### Assignment
Once you have located the line containing "eigenvector for an" in the material below, return it exactly along with each line after it through the line containing "a := Ahat^+".

### Task input
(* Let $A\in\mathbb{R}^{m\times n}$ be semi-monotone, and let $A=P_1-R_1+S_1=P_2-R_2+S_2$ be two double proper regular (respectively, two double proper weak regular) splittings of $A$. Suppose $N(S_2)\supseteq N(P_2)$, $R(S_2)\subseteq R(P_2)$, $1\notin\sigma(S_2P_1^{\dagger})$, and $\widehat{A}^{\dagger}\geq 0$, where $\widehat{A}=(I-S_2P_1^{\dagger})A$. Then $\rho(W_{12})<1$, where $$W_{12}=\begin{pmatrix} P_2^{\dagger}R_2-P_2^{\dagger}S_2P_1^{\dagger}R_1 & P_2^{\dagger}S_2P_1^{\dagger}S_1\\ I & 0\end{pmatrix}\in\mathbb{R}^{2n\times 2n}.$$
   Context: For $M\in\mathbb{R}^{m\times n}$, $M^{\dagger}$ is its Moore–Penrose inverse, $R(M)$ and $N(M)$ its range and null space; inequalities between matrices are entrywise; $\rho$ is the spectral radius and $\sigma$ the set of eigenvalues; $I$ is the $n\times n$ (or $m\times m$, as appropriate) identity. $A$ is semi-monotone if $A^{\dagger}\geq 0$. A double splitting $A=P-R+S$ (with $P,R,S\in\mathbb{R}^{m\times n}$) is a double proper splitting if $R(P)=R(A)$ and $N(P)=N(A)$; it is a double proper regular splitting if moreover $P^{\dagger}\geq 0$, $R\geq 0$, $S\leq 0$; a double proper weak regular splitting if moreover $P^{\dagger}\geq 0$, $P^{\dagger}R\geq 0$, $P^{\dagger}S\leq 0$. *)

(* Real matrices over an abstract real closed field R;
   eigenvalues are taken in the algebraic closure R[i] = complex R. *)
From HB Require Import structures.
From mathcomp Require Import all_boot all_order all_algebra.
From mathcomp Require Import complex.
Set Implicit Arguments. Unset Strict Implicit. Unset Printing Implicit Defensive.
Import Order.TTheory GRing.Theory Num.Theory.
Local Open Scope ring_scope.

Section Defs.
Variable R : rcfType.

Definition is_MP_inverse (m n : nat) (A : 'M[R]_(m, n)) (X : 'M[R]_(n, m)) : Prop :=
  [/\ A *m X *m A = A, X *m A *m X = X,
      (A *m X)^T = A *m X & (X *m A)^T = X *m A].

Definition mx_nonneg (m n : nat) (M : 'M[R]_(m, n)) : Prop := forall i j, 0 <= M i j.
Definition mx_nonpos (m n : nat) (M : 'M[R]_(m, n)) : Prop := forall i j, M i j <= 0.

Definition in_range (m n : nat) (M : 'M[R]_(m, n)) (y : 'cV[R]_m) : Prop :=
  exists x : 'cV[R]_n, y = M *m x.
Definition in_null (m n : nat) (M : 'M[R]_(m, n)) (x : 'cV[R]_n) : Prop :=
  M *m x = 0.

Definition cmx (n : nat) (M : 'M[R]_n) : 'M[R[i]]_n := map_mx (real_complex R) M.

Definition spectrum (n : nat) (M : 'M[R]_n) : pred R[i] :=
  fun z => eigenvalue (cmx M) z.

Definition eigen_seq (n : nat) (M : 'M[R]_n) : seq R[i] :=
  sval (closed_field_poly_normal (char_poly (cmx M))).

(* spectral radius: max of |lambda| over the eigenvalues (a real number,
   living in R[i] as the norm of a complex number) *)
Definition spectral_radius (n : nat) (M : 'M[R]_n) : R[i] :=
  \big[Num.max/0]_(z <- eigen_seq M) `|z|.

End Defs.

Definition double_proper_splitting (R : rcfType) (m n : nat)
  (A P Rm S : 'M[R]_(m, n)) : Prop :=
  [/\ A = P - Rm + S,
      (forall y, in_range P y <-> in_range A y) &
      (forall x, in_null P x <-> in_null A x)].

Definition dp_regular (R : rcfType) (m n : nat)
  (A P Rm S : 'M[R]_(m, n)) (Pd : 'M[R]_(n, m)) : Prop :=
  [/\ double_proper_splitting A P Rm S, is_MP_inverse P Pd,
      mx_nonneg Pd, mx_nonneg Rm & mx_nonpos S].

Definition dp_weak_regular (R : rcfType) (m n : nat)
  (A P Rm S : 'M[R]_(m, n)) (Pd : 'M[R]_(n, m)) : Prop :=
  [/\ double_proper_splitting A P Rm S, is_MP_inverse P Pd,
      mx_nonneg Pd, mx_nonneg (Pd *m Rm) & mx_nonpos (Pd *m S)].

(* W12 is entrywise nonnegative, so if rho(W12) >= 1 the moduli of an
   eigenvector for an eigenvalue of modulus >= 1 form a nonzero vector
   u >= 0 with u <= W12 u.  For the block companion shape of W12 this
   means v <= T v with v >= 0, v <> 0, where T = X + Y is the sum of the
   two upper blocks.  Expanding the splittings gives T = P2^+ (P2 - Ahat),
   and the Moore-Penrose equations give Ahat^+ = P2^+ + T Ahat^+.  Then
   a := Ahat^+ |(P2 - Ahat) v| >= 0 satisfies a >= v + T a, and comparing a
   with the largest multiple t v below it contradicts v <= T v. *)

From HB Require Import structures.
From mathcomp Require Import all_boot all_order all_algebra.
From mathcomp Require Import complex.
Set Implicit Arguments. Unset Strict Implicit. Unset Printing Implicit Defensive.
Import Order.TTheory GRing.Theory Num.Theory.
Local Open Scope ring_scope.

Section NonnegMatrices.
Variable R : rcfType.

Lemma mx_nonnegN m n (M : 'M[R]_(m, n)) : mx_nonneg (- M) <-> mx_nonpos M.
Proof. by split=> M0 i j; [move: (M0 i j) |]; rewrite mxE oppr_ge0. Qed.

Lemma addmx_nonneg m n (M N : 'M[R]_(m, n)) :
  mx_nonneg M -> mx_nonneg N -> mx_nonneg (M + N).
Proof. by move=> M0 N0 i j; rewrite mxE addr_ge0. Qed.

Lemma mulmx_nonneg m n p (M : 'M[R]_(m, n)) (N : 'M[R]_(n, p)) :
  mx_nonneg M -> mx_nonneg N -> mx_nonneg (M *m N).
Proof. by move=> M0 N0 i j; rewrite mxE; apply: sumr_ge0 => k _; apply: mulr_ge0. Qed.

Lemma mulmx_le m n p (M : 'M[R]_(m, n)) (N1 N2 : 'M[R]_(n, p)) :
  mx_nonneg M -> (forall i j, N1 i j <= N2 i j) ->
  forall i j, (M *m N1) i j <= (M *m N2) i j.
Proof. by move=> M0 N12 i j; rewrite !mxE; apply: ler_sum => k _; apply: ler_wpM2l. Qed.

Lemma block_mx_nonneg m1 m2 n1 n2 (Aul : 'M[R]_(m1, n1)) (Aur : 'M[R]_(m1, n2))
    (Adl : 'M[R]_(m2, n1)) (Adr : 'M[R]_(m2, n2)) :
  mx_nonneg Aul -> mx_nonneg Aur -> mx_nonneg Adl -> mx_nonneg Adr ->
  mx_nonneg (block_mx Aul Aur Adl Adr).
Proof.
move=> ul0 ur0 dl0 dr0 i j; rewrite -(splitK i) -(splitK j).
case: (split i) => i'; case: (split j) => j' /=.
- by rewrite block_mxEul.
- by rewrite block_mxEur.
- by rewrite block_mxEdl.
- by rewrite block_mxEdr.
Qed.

### Solution to this exercise
   eigenvector for an eigenvalue of modulus >= 1 form a nonzero vector
   u >= 0 with u <= W12 u.  For the block companion shape of W12 this
   means v <= T v with v >= 0, v <> 0, where T = X + Y is the sum of the
   two upper blocks.  Expanding the splittings gives T = P2^+ (P2 - Ahat),
   and the Moore-Penrose equations give Ahat^+ = P2^+ + T Ahat^+.  Then
   a := Ahat^+ |(P2 - Ahat) v| >= 0 satisfies a >= v + T a, and comparing a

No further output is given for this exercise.